▼

Lemma invg_involutive (T : finType) (s : {perm T}) : involutive s -> (s^-1)%g = s.
Proof. by move=> sK; apply/permP=> x; rewrite -{1}(sK x) permK. Qed.

Lemma conjg_mul_invol (gT : finGroupType) (a b : gT) :
  (a^-1 = a -> b^-1 = b -> (a * b) ^ a = (a * b)^-1)%g.
Proof. by move=> aV bV; rewrite conjgE mulgA mulKg invMg aV bV. Qed.

Section Matchings.
Local Open Scope group_scope.
Variable n : nat.
Implicit Types (G E : rel 'I_n) (s pi : {perm 'I_n}) (D : {set 'I_n}).

Definition matching_at E (s : {perm 'I_n}) v := s (s v) = v /\ (s v != v -> E v (s v)).

Lemma matching_stepK E s : matching_step E s -> involutive s.
Proof. by move=> Ms v; case: (Ms v). Qed.

Lemma matching_step1 E : matching_step E 1.
Proof. by move=> v; rewrite !perm1 eqxx. Qed.

Lemma matching_step_sub E E' s : subrel E E' -> matching_step E s -> matching_step E' s.
Proof. by move=> EE' Ms v; have [? Ev] := Ms v; split=> // /Ev/EE'. Qed.

Lemma matching_step_stable E s D : (forall u v, E u v -> v \in D) ->
  matching_step E s -> {in D, forall v, s v \in D}.
Proof. by move=> ED Ms v vD; case: eqVneq (proj2 (Ms v)) => [-> | _ /(_ isT)/ED]. Qed.

Lemma glue_matching_step (K : Type) (key : 'I_n -> K) (s : K -> {perm 'I_n}) E :
  (forall v, key (s (key v) v) = key v) -> (forall v, matching_at E (s (key v)) v) ->
  exists2 p, matching_step E p & forall v, p v = s (key v) v.
Proof.
move=> key_s Ms; pose f v := s (key v) v.
have fK : involutive f by move=> v; rewrite /f key_s; case: (Ms v).
exists (perm (can_inj fK)) => v; rewrite !permE //; split; first exact: fK.
by case: (Ms v).
Qed.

▲

■ **WHAT TO WORK ON**
Transcribe the listing from start to finish, exactly as given.

■ **TASK ANSWER**
Lemma invg_involutive (T : finType) (s : {perm T}) : involutive s -> (s^-1)%g = s.
Proof. by move=> sK; apply/permP=> x; rewrite -{1}(sK x) permK. Qed.

Lemma conjg_mul_invol (gT : finGroupType) (a b : gT) :
  (a^-1 = a -> b^-1 = b -> (a * b) ^ a = (a * b)^-1)%g.
Proof. by move=> aV bV; rewrite conjgE mulgA mulKg invMg aV bV. Qed.

Section Matchings.
Local Open Scope group_scope.
Variable n : nat.
Implicit Types (G E : rel 'I_n) (s pi : {perm 'I_n}) (D : {set 'I_n}).

Definition matching_at E (s : {perm 'I_n}) v := s (s v) = v /\ (s v != v -> E v (s v)).

Lemma matching_stepK E s : matching_step E s -> involutive s.
Proof. by move=> Ms v; case: (Ms v). Qed.

Lemma matching_step1 E : matching_step E 1.
Proof. by move=> v; rewrite !perm1 eqxx. Qed.

Lemma matching_step_sub E E' s : subrel E E' -> matching_step E s -> matching_step E' s.
Proof. by move=> EE' Ms v; have [? Ev] := Ms v; split=> // /Ev/EE'. Qed.

Lemma matching_step_stable E s D : (forall u v, E u v -> v \in D) ->
  matching_step E s -> {in D, forall v, s v \in D}.
Proof. by move=> ED Ms v vD; case: eqVneq (proj2 (Ms v)) => [-> | _ /(_ isT)/ED]. Qed.

Lemma glue_matching_step (K : Type) (key : 'I_n -> K) (s : K -> {perm 'I_n}) E :
  (forall v, key (s (key v) v) = key v) -> (forall v, matching_at E (s (key v)) v) ->
  exists2 p, matching_step E p & forall v, p v = s (key v) v.
Proof.
move=> key_s Ms; pose f v := s (key v) v.
have fK : involutive f by move=> v; rewrite /f key_s; case: (Ms v).
exists (perm (can_inj fK)) => v; rewrite !permE //; split; first exact: fK.
by case: (Ms v).
Qed.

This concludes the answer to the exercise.